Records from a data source
============================================================

Lemma embedding_node e l r tl tr gl gr :
  embedding l tl gl -> embedding r tr gr ->
  (pedge l [::] -> gl [::] = [::]) -> (pedge r [::] -> gr [::] = [::]) ->
  embedding (PNode e l r) (BNode tl tr)
    (fun p => if p is d :: q then d :: (if d then gr q else gl q) else [::]).
Proof.
move=> [posl injl edgel] [posr injr edger] rootl rootr; split.
- by case=> [|[] p] //=; [apply: posr | apply: posl].
- case=> [|[] p] [|[] q] //= Pp Pq [E]; congr (_ :: _); [exact: injr | exact: injl].
- case=> [|[] p] d /=.
  + by case: d => _; split=> [?|_]; [rewrite rootr | eexists | rewrite rootl | eexists].
  + move=> /edger [cont ncont]; split=> [/cont -> // | /ncont [s ->]]; by exists s.
  + move=> /edgel [cont ncont]; split=> [/cont -> // | /ncont [s ->]]; by exists s.
Qed.

Lemma child_match_embedding c t :
  (forall T, pmatch c T -> exists2 f, embedding c T f & f [::] = [::]) ->
  child_match (pmatch c) c t -> exists2 g, embedding c t g & (pedge c [::] -> g [::] = [::]).
Proof.
case: c => [|[] l r] IHc /=.
- by exists id; first exact: embedding_leaf.
- by move=> /IHc [g emb_g g0]; exists g.
- case/has_subtreeP=> p /IHc [g emb_g _].
  by exists (fun q => p ++ g q) => //; apply: embedding_shift.
Qed.

Lemma pmatch_embedding P T : pmatch P T -> exists2 f, embedding P T f & f [::] = [::].
Proof.
elim: P T => [|e l IHl r IHr] [|tl tr] //=; try by exists id; first exact: embedding_leaf.
case/andP=> /(child_match_embedding IHl) [gl emb_l rootl].
move=> /(child_match_embedding IHr) [gr emb_r rootr].
by eexists; [apply: embedding_node emb_l emb_r rootl rootr |].
Qed.

Lemma embedding_child_match c T (g : seq bool -> seq bool) x (d : bool) :
  pmatch c (subtree T (g [::])) ->
  (ppos c [::] -> (pedge c [::] -> g [::] = rcons x d) /\
                  (~~ pedge c [::] -> exists s, g [::] = x ++ d :: s)) ->
  child_match (pmatch c) c (subtree T (rcons x d)).
Proof.
case: c => [|[] l r] //= mc /(_ erefl) [cont ncont]; first by rewrite -cont.
have [s gE] := ncont erefl.
by apply/has_subtreeP; exists s; rewrite -subtree_cat cat_rcons -gE.
Qed.

Lemma embedding_pmatch P T f : embedding P T f -> pmatch P (subtree T (f [::])).
Proof.
elim: P T f => [|e l IHl r IHr] T f //= emb.
have [pos _ edge] := emb.
have child d : child_match (pmatch (if d then r else l)) (if d then r else l)
                 (subtree T (rcons (f [::]) d)).
  have := embedding_child d emb.
  case: d (edge [::] d) => edge_d emb_d.
    exact: embedding_child_match (IHr _ _ emb_d) edge_d.
  exact: embedding_child_match (IHl _ _ emb_d) edge_d.
move: (pos [::] erefl) (child false) (child true).
rewrite bpos_subtree -!cats1 !subtree_cat.
by case: (subtree T (f [::])) => [|tl tr] //= _ -> ->.
Qed.

Lemma contains_occurs P T : contains P T <-> occurs P T.
Proof.
split=> [[f emb]|/has_subtreeP [p /pmatch_embedding [f emb _]]].
  by apply/has_subtreeP; exists (f [::]); apply: embedding_pmatch emb.
by exists (fun q => p ++ f q); apply: embedding_shift.
Qed.

Lemma occurs_leaf Q : occurs Q BLeaf = pmatch Q BLeaf.
Proof. exact: orbF. Qed.

Lemma occurs_node Q L R :
  occurs Q (BNode L R) = [|| pmatch Q (BNode L R), occurs Q L | occurs Q R].
Proof. by []. Qed.

Lemma occurs_of_pmatch Q P t :
  (forall t, pmatch Q t -> occurs P t) -> occurs Q t -> occurs P t.
Proof.
move=> QP; elim: t => [|L IHL R IHR]; first by rewrite occurs_leaf; apply: QP.
by rewrite !occurs_node => /or3P [/QP // | /IHL | /IHR] ->; rewrite !orbT.
Qed.

Definition avoids (Q : ptree) (t : btree) : bool := ~~ occurs Q t.
Arguments avoids : simpl never.

Lemma avoids_leaf Q : avoids Q BLeaf = ~~ pmatch Q BLeaf.
Proof. by rewrite /avoids occurs_leaf. Qed.

Lemma avoids_node Q L R :
  avoids Q (BNode L R) = [&& ~~ pmatch Q (BNode L R), avoids Q L & avoids Q R].
Proof. by rewrite /avoids occurs_node !negb_or. Qed.

Fixpoint eqbtree (t u : btree) : bool :=
  match t, u with
  | BLeaf, BLeaf => true
  | BNode l r, BNode l' r' => eqbtree l l' && eqbtree r r'
  | _, _ => false
  end.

============================================================

*What to work on:*
Each record needs to be duplicated exactly.

*Answer box:*
Lemma embedding_node e l r tl tr gl gr :
  embedding l tl gl -> embedding r tr gr ->
  (pedge l [::] -> gl [::] = [::]) -> (pedge r [::] -> gr [::] = [::]) ->
  embedding (PNode e l r) (BNode tl tr)
    (fun p => if p is d :: q then d :: (if d then gr q else gl q) else [::]).
Proof.
move=> [posl injl edgel] [posr injr edger] rootl rootr; split.
- by case=> [|[] p] //=; [apply: posr | apply: posl].
- case=> [|[] p] [|[] q] //= Pp Pq [E]; congr (_ :: _); [exact: injr | exact: injl].
- case=> [|[] p] d /=.
  + by case: d => _; split=> [?|_]; [rewrite rootr | eexists | rewrite rootl | eexists].
  + move=> /edger [cont ncont]; split=> [/cont -> // | /ncont [s ->]]; by exists s.
  + move=> /edgel [cont ncont]; split=> [/cont -> // | /ncont [s ->]]; by exists s.
Qed.

Lemma child_match_embedding c t :
  (forall T, pmatch c T -> exists2 f, embedding c T f & f [::] = [::]) ->
  child_match (pmatch c) c t -> exists2 g, embedding c t g & (pedge c [::] -> g [::] = [::]).
Proof.
case: c => [|[] l r] IHc /=.
- by exists id; first exact: embedding_leaf.
- by move=> /IHc [g emb_g g0]; exists g.
- case/has_subtreeP=> p /IHc [g emb_g _].
  by exists (fun q => p ++ g q) => //; apply: embedding_shift.
Qed.

Lemma pmatch_embedding P T : pmatch P T -> exists2 f, embedding P T f & f [::] = [::].
Proof.
elim: P T => [|e l IHl r IHr] [|tl tr] //=; try by exists id; first exact: embedding_leaf.
case/andP=> /(child_match_embedding IHl) [gl emb_l rootl].
move=> /(child_match_embedding IHr) [gr emb_r rootr].
by eexists; [apply: embedding_node emb_l emb_r rootl rootr |].
Qed.

Lemma embedding_child_match c T (g : seq bool -> seq bool) x (d : bool) :
  pmatch c (subtree T (g [::])) ->
  (ppos c [::] -> (pedge c [::] -> g [::] = rcons x d) /\
                  (~~ pedge c [::] -> exists s, g [::] = x ++ d :: s)) ->
  child_match (pmatch c) c (subtree T (rcons x d)).
Proof.
case: c => [|[] l r] //= mc /(_ erefl) [cont ncont]; first by rewrite -cont.
have [s gE] := ncont erefl.
by apply/has_subtreeP; exists s; rewrite -subtree_cat cat_rcons -gE.
Qed.

Lemma embedding_pmatch P T f : embedding P T f -> pmatch P (subtree T (f [::])).
Proof.
elim: P T f => [|e l IHl r IHr] T f //= emb.
have [pos _ edge] := emb.
have child d : child_match (pmatch (if d then r else l)) (if d then r else l)
                 (subtree T (rcons (f [::]) d)).
  have := embedding_child d emb.
  case: d (edge [::] d) => edge_d emb_d.
    exact: embedding_child_match (IHr _ _ emb_d) edge_d.
  exact: embedding_child_match (IHl _ _ emb_d) edge_d.
move: (pos [::] erefl) (child false) (child true).
rewrite bpos_subtree -!cats1 !subtree_cat.
by case: (subtree T (f [::])) => [|tl tr] //= _ -> ->.
Qed.

Lemma contains_occurs P T : contains P T <-> occurs P T.
Proof.
split=> [[f emb]|/has_subtreeP [p /pmatch_embedding [f emb _]]].
  by apply/has_subtreeP; exists (f [::]); apply: embedding_pmatch emb.
by exists (fun q => p ++ f q); apply: embedding_shift.
Qed.

Lemma occurs_leaf Q : occurs Q BLeaf = pmatch Q BLeaf.
Proof. exact: orbF. Qed.

Lemma occurs_node Q L R :
  occurs Q (BNode L R) = [|| pmatch Q (BNode L R), occurs Q L | occurs Q R].
Proof. by []. Qed.

Lemma occurs_of_pmatch Q P t :
  (forall t, pmatch Q t -> occurs P t) -> occurs Q t -> occurs P t.
Proof.
move=> QP; elim: t => [|L IHL R IHR]; first by rewrite occurs_leaf; apply: QP.
by rewrite !occurs_node => /or3P [/QP // | /IHL | /IHR] ->; rewrite !orbT.
Qed.

Definition avoids (Q : ptree) (t : btree) : bool := ~~ occurs Q t.
Arguments avoids : simpl never.

Lemma avoids_leaf Q : avoids Q BLeaf = ~~ pmatch Q BLeaf.
Proof. by rewrite /avoids occurs_leaf. Qed.

Lemma avoids_node Q L R :
  avoids Q (BNode L R) = [&& ~~ pmatch Q (BNode L R), avoids Q L & avoids Q R].
Proof. by rewrite /avoids occurs_node !negb_or. Qed.

Fixpoint eqbtree (t u : btree) : bool :=
  match t, u with
  | BLeaf, BLeaf => true
  | BNode l r, BNode l' r' => eqbtree l l' && eqbtree r r'
  | _, _ => false
  end.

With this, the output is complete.